Once you know how many lines below hold "mulmxN", reply with that number and add nothing.

=== Record extracts ===

(* Let $d\ge2$, $\delta\in[0,1/d]$, and let $N$ be a $\delta$-upper bounded matrix of dimension $d\times d$. Then $$\inf_{x\in\mathbb{R}^d,\ \|x\|_\infty=1}\|N x\|_\infty\ \ge\ \frac{1-d\delta}{d-1}.$$
   Context: A $d\times d$ matrix $N$ is $\delta$-upper bounded if it is stochastic (non-negative entries, rows summing to $1$), $N_{i,i}\ge1-(d-1)\delta$ for all $i$, and $N_{i,j}\le\delta$ for all $i\ne j$. Here $\|\cdot\|_\infty$ is the maximum norm on $\mathbb{R}^d$. *)

From mathcomp Require Import all_boot all_order all_algebra.
Set Implicit Arguments. Unset Strict Implicit. Unset Printing Implicit Defensive.
Import Order.TTheory GRing.Theory Num.Theory.
Local Open Scope ring_scope.

Definition maxnorm (R : realFieldType) (d : nat) (x : 'cV[R]_d) : R :=
  \big[Num.max/0]_(i < d) `|x i 0|.

Definition upper_bounded (R : realFieldType) (d : nat) (delta : R) (N : 'M[R]_d) : Prop :=
  [/\ (forall i j, 0 <= N i j),
      (forall i, \sum_(j < d) N i j = 1),
      (forall i, 1 - (d%:R - 1) * delta <= N i i) &
      (forall i j, i != j -> N i j <= delta)].

From mathcomp Require Import all_boot all_order all_algebra.
From mathcomp Require Import lra.
Import Order.TTheory GRing.Theory Num.Theory.
Local Open Scope ring_scope.

(* Subtracting delta from every entry writes N x = A x + delta (sum x) 1, where
   A has row sums c = 1 - d delta >= 0 and nonpositive off-diagonal entries.
   For such an A, (A x)_i >= c x_i at a maximal coordinate i of x and
   (A x)_m <= c x_m at a minimal one m.  Normalize so that x_i = 1.  If
   sum x >= 0, row i gives |N x| >= c.  Otherwise sum x >= 1 + (d - 1) x_m
   forces -x_m >= 1 / (d - 1), and row m gives |N x| >= - c x_m. *)

Section MaxNorm.
Context {R : realFieldType} {d : nat}.
Implicit Types x : 'cV[R]_d.

Lemma ler_maxnorm x k : `|x k 0| <= maxnorm x.
Proof. exact: le_bigmax. Qed.

Lemma maxnorm_attained x : (0 < d)%N -> exists k, maxnorm x = `|x k 0|.
Proof.
move=> d_gt0; rewrite /maxnorm.
have [k _ ->] := eq_bigmax (Ordinal d_gt0) xpredT (fun i => `|x i 0|) isT
  (fun i _ => normr_ge0 (x i 0)).
by exists k.
Qed.

Lemma maxnormN x : maxnorm (- x) = maxnorm x.
Proof. by apply: eq_bigr => i _; rewrite mxE normrN. Qed.

Lemma sum_ge_max_min x i m : (forall j, x m 0 <= x j 0) ->
  x i 0 + (d%:R - 1) * x m 0 <= \sum_j x j 0.
Proof.
move=> xm_min.
have : x i 0 - x m 0 <= \sum_j (x j 0 - x m 0).
  rewrite (bigD1 i) //= lerDl; apply: sumr_ge0 => j _.
  by rewrite subr_ge0.
by rewrite sumrB sumr_const card_ord -mulr_natl; lra.
Qed.

End MaxNorm.

Section ZMatrix.
Context {R : realFieldType} {d : nat} {c : R} {A : 'M[R]_d}.
Hypothesis rowsumA : forall k, \sum_j A k j = c.
Hypothesis offdiagA : forall k j, k != j -> A k j <= 0.
Implicit Types x : 'cV[R]_d.

Lemma row_argmax_ge x i : (forall j, x j 0 <= x i 0) ->
  c * x i 0 <= (A *m x) i 0.
Proof.
move=> xi_max; rewrite -subr_ge0 -(rowsumA i) mulr_suml mxE -sumrB.
apply: sumr_ge0 => j _; rewrite -mulrBr.
have [<-|ij] := eqVneq i j; first by rewrite subrr mulr0.
by rewrite mulr_le0 ?offdiagA // subr_le0.
Qed.

Lemma row_argmin_le x m : (forall j, x m 0 <= x j 0) ->
  (A *m x) m 0 <= c * x m 0.
Proof.
move=> xm_min; have := @row_argmax_ge (- x) m.
by rewrite mulmxN !mxE mulrN lerN2; apply=> j; rewrite !mxE lerN2.
Qed.

End ZMatrix.

Lemma extreme_rows_bound (R : realFieldType) (c delta s u M D : R) :
  0 <= c -> 0 <= delta -> 1 <= D -> 1 + D * u <= s ->
  c + delta * s <= M -> - (c * u + delta * s) <= M -> c / D <= M.
Proof.
move=> c_ge0 delta_ge0 D_ge1 s_ge row_max row_min.
rewrite ler_pdivrMr; last lra.
have [s_ge0|s_lt0] := lerP 0 s.
  have c_le_M : c <= M by nra.
  nra.
have cu_le_M : - (c * u) <= M by nra.
nra.
Qed.

Section UpperBounded.
Context {R : realFieldType} {d : nat} {delta : R} {N : 'M[R]_d}.
Hypothesis d_ge2 : (2 <= d)%N.
Hypothesis delta_ge0 : 0 <= delta.
Hypothesis delta_le : delta <= d%:R^-1.
Hypothesis rowsumN : forall k, \sum_j N k j = 1.
Hypothesis offdiagN : forall k j, k != j -> N k j <= delta.

Implicit Types x : 'cV[R]_d.

Let A : 'M[R]_d := N - const_mx delta.

Lemma mulmx_shifted x k : (N *m x) k 0 = (A *m x) k 0 + delta * \sum_j x j 0.
Proof.
rewrite !mxE mulr_sumr -big_split /=; apply: eq_bigr => j _.
by rewrite /A !mxE mulrBl subrK.
Qed.

Lemma rowsum_shifted k : \sum_j A k j = 1 - d%:R * delta.
Proof.
rewrite (eq_bigr (fun j => N k j - delta)) => [|j _]; last by rewrite !mxE.
by rewrite sumrB rowsumN sumr_const card_ord mulr_natl.
Qed.

Lemma offdiag_shifted k j : k != j -> A k j <= 0.
Proof. by move=> kj; rewrite !mxE subr_le0 offdiagN. Qed.

Lemma maxnorm_mulmx_ge_at_one x i : x i 0 = 1 -> (forall j, x j 0 <= 1) ->
  (1 - d%:R * delta) / (d%:R - 1) <= maxnorm (N *m x).
Proof.
move=> xi1 x_le1.
have d_ge : (2%:R : R) <= d%:R by rewrite ler_nat.
have c_ge0 : 0 <= 1 - d%:R * delta.
  have : delta * d%:R <= 1 by rewrite -ler_pdivlMr ?div1r //; lra.
  by rewrite mulrC; lra.
have [m _ xm_min] := @arg_minP _ R _ i xpredT (fun j => x j 0) isT.
have {}xm_min j : x m 0 <= x j 0 := xm_min j isT.
have xi_max j : x j 0 <= x i 0 by rewrite xi1.
apply: (@extreme_rows_bound _ _ _ (\sum_j x j 0) (x m 0) _ _ c_ge0 delta_ge0).
- lra.
- by have := sum_ge_max_min x i m xm_min; rewrite xi1.
- apply: le_trans _ (ler_normlW (ler_maxnorm (N *m x) i)).
  rewrite mulmx_shifted lerD2r.
  by have := row_argmax_ge rowsum_shifted offdiag_shifted x i xi_max; rewrite xi1 mulr1.
- have Mm : - (N *m x) m 0 <= maxnorm (N *m x).
    by apply: ler_normlW; rewrite normrN ler_maxnorm.
  apply: le_trans _ Mm.
  rewrite mulmx_shifted !opprD lerD2r lerN2.
  exact: row_argmin_le rowsum_shifted offdiag_shifted x m xm_min.
Qed.

End UpperBounded.

Theorem lemma13 (R : realFieldType) (d : nat) (delta : R) (N : 'M[R]_d) :
  (2 <= d)%N -> 0 <= delta -> delta <= d%:R^-1 ->
  upper_bounded delta N ->
  forall x : 'cV[R]_d, maxnorm x = 1 ->
    (1 - d%:R * delta) / (d%:R - 1) <= maxnorm (N *m x).
Proof.
move=> d_ge2 delta_ge0 delta_le [_ rowsumN _ offdiagN] x x_unit.
have [k xk] := maxnorm_attained x (ltnW d_ge2).
have x_le1 j : `|x j 0| <= 1 by rewrite -x_unit ler_maxnorm.
have bound := maxnorm_mulmx_ge_at_one d_ge2 delta_ge0 delta_le rowsumN offdiagN.
have /eqP := xk; rewrite x_unit eq_sym eqr_norml => /andP[/orP[]/eqP xk1 _].
  by apply: bound xk1 _ => j; exact: ler_normlW.
rewrite -maxnormN -mulmxN; apply: (bound _ k); first by rewrite mxE xk1 opprK.
by move=> j; rewrite mxE; apply: ler_normlW; rewrite normrN.
Qed.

===

◆ **Completed task**: 2